Blog: Melissa Trustman

Melissa Trustman is the senior director of Government Relations at the Detroit Regional Chamber. Melissa manages transportation policy and monitors emerging issues that impact trade and infrastructure within Southeast Michigan.

Post No. 2

Moving the Goods 

Borders & Valuable Freight

Visually, anyone can see lots of trucks and people crossing our borders everyday. If there’s a back up, it’s more of a headache than a reminder of how important our daily cargo is to our local economy and to the country’s GDP. It doesn’t make the papers on a regular basis and it’s not something we hype to the nation or even visiting out-of-towners to impress them.   

Conversely, anyone who visits the Port of Los Angeles or Savannah is simply aghast at the huge ships pulling in and out of port on a regular basis.   
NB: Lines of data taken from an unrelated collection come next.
Lemma translate_ideal_tr H K (z : Tf K) : K \subset H -> H \subset G ->
  translate_ideal z -> translate_ideal (tr H K z).
Proof.
move=> sKH sHG; elim=> [|u v _ tiu _ tiv|L m s sLK tpm].
- by rewrite tr0 //; apply: ti0.
- by rewrite trD //; apply: tiD.
- by rewrite tr_comp //; apply: tiT; rewrite ?(subset_trans sLK).
Qed.

Lemma translate_ideal_cj c K (z : Tf K) : c \in G -> K \subset G ->
  translate_ideal z -> translate_ideal (cj c K (cgrp c K) z).
Proof.
move=> cG sKG; elim=> [|u v _ tiu _ tiv|L m s sLK tpm].
- by rewrite cj0 //; apply: ti0.
- by rewrite cjD //; apply: tiD.
have sLG := subset_trans sLK sKG.
rewrite cj_tr // cjM //; apply: tiT; first by rewrite cgrpS.
exact: translate_prod_cj.
Qed.

(* Tambara reciprocity applies to a whole sum of transfers indexed by an
   ordinal, so an element of [translate_ideal] is first put in that form. *)
Lemma translate_ideal_family K (z : Tf K) : translate_ideal z ->
  exists n (Ls : 'I_n -> {group gT}) (m r : forall i, Tf (Ls i)),
    [/\ forall i, Ls i \subset K, forall i, translate_prod (m i)
      & z = \sum_(i < n) tr K (Ls i) (m i * r i)].
Proof.
move=> tiz; pose e0 : {L : {group gT} & (Tf L * Tf L)%type} := existT _ 1%G (0, 0).
suff [l [tpl ->]] : exists l : seq {L : {group gT} & (Tf L * Tf L)%type},
    (forall i, i < size l -> tag (nth e0 l i) \subset K /\
                              translate_prod (tagged (nth e0 l i)).1)%N /\
    z = \sum_(p <- l) tr K (tag p) ((tagged p).1 * (tagged p).2).
  exists (size l), (fun i => tag (nth e0 l i)), (fun i => (tagged (nth e0 l i)).1),
    (fun i => (tagged (nth e0 l i)).2).
  by split=> [i|i|]; [case: (tpl i (ltn_ord i)) | case: (tpl i (ltn_ord i)) |
    rewrite (big_nth e0) big_mkord].
elim: tiz => [|u v _ [l1 [tp1 ->]] _ [l2 [tp2 ->]]|L m r sLK tpm].
- by exists [::]; rewrite big_nil.
- exists (l1 ++ l2); rewrite big_cat; split=> // i; rewrite size_cat nth_cat.
  case: ifP => [lt_i_l1 _ | /negbT le_l1_i lt_i]; first exact: tp1.
  by apply: tp2; rewrite ltn_subLR // leqNgt.
- by exists [:: existT _ L (m, r)]; rewrite big_seq1; split=> // [[]].
Qed.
While size is impressive, value is what counts. The latest appraisal on the amount of trade crossing our borders in Detroit and Port Huron is over $160 billion. Alone, that number seems pretty impressive. Compared with the Port of Los Angeles, which stands at just over $120 billion and is ranked as the largest water port of entry, it really underscores how important this region is to the country.

While those numbers are amazing, they still don’t capture the 150,000 jobs that result from the existence of our border crossings and the number of employees making the daily trek into our hospitals, universities and automotive companies.  
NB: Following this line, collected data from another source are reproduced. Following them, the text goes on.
Lemma U_up_stable F : up_stable (U F).
Proof. exact: UP_fuel_up_stable. Qed.

Lemma U_idem F : U (U F) = U F.
Proof. exact/U_stable/U_up_stable. Qed.

Lemma U_nil F : [::] \in F -> [::] \in U F.
Proof. by move=> nil_F; rewrite U_stable // /up_stable nil_F. Qed.

Lemma U_big F : {in F, forall C, 1 < size C} -> U F = F.
Proof.
move=> F_big; apply: U_stable; apply/orP; right; rewrite -[F]cats0 unit_lit_cat //.
by move=> C /F_big; case: (size C) => [|[]].
Qed.

Lemma U_step F l : [::] \notin F -> unit_lit F = Some l -> U F = U (assign F [:: l]).
Proof.
move=> /negbTE nil_F unit_F; set G := assign F [:: l].
rewrite (U_UP_fuel (m := (size G).+1)) /= ?nil_F ?unit_F //.
exact: U_up_stable.
Qed.

(** * Partial valuations *)

Lemma lnegK : involutive lneg.
Proof. by case=> [[] ?]. Qed.

Lemma lneg_pos v : lneg (pos v) = neg v. Proof. by []. Qed.
Lemma lneg_neg v : lneg (neg v) = pos v. Proof. by []. Qed.

Lemma lneg_neq (l : lit) : (lneg l == l) = false.
Proof. by case: l => [[] ?]; rewrite xpair_eqE. Qed.

Definition lit_true (r : var -> option bool) (l : lit) : bool := r l.2 == Some l.1.

Definition restrict (F : formula) (r : var -> option bool) : formula :=
  [seq [seq l <- C | ~~ lit_true r (lneg l)] | C <- F & ~~ has (lit_true r) C].

Definition upd (r : nat -> option bool) (z : nat) (c : bool) : nat -> option bool :=
  fun w => if w == z then Some c else r w.

Lemma mem_vars (F : formula) (C : clause) (l : lit) : C \in F -> l \in C -> l.2 \in vars F.
Proof. by move=> C_in l_in; apply/flattenP; exists [seq m.2 | m <- C]; apply: map_f. Qed.

Lemma assign_cat F1 F2 I : assign (F1 ++ F2) I = assign F1 I ++ assign F2 I.
Proof. by rewrite /assign filter_cat map_cat. Qed.

Lemma restrict_cat F1 F2 r : restrict (F1 ++ F2) r = restrict F1 r ++ restrict F2 r.
Proof. by rewrite /restrict filter_cat map_cat. Qed.

Lemma mem_restrict F r (C : clause) : C \in restrict F r ->
  exists2 C0, C0 \in F & ~~ has (lit_true r) C0 /\ C = [seq l <- C0 | ~~ lit_true r (lneg l)].
Proof. by case/mapP => C0; rewrite mem_filter => /andP[unsat C0_in] ->; exists C0. Qed.

Lemma in_restrict F r (C0 : clause) : C0 \in F -> ~~ has (lit_true r) C0 ->
  [seq l <- C0 | ~~ lit_true r (lneg l)] \in restrict F r.
Proof. by move=> C0_in unsat; apply: map_f; rewrite mem_filter unsat. Qed.

Lemma restrict_all_sat F r : {in F, forall C, has (lit_true r) C} -> restrict F r = [::].
Proof.
move=> F_sat; apply/nilP; rewrite /nilp size_map size_filter eqn0Ngt -has_count.
by apply/hasPn => C /F_sat; rewrite negbK.
Qed.

Lemma restrict_none F : restrict F (fun _ => None) = F.
Proof.
rewrite /restrict (eq_filter (a2 := predT)) => [|C]; last by apply/hasPn.
rewrite filter_predT -[RHS]map_id; apply: eq_map => C.
by rewrite (eq_filter (a2 := predT)) ?filter_predT.
Qed.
Transportation Attracts Attention

Even more disappointing than the lack of recognition locally, is the lack of recognition federally. Over the last year, the federal government designated a number of High Priority Trade Corridors, which corresponded to supportive funding. The only recognized corridor even remotely related to Michigan and the trade coming in from Canada was the I-69 corridor…and the dollars paled in comparison to the other corridors. If you look at a national map of trade by volume, our region looks relatively small and insignificant. There are simply massive amounts of goods moving out of Los Angeles into Louisville, Kansas City and Chicago.  

Again, size is impressive, but value makes our GDP. It’s vital for our region to communicate the importance of our border to ourselves, the national business community and the federal government. There might be millions of Barbie dolls, Nikes and pants moving along the east-west corridors, but the products pumping out of Detroit are worth billions.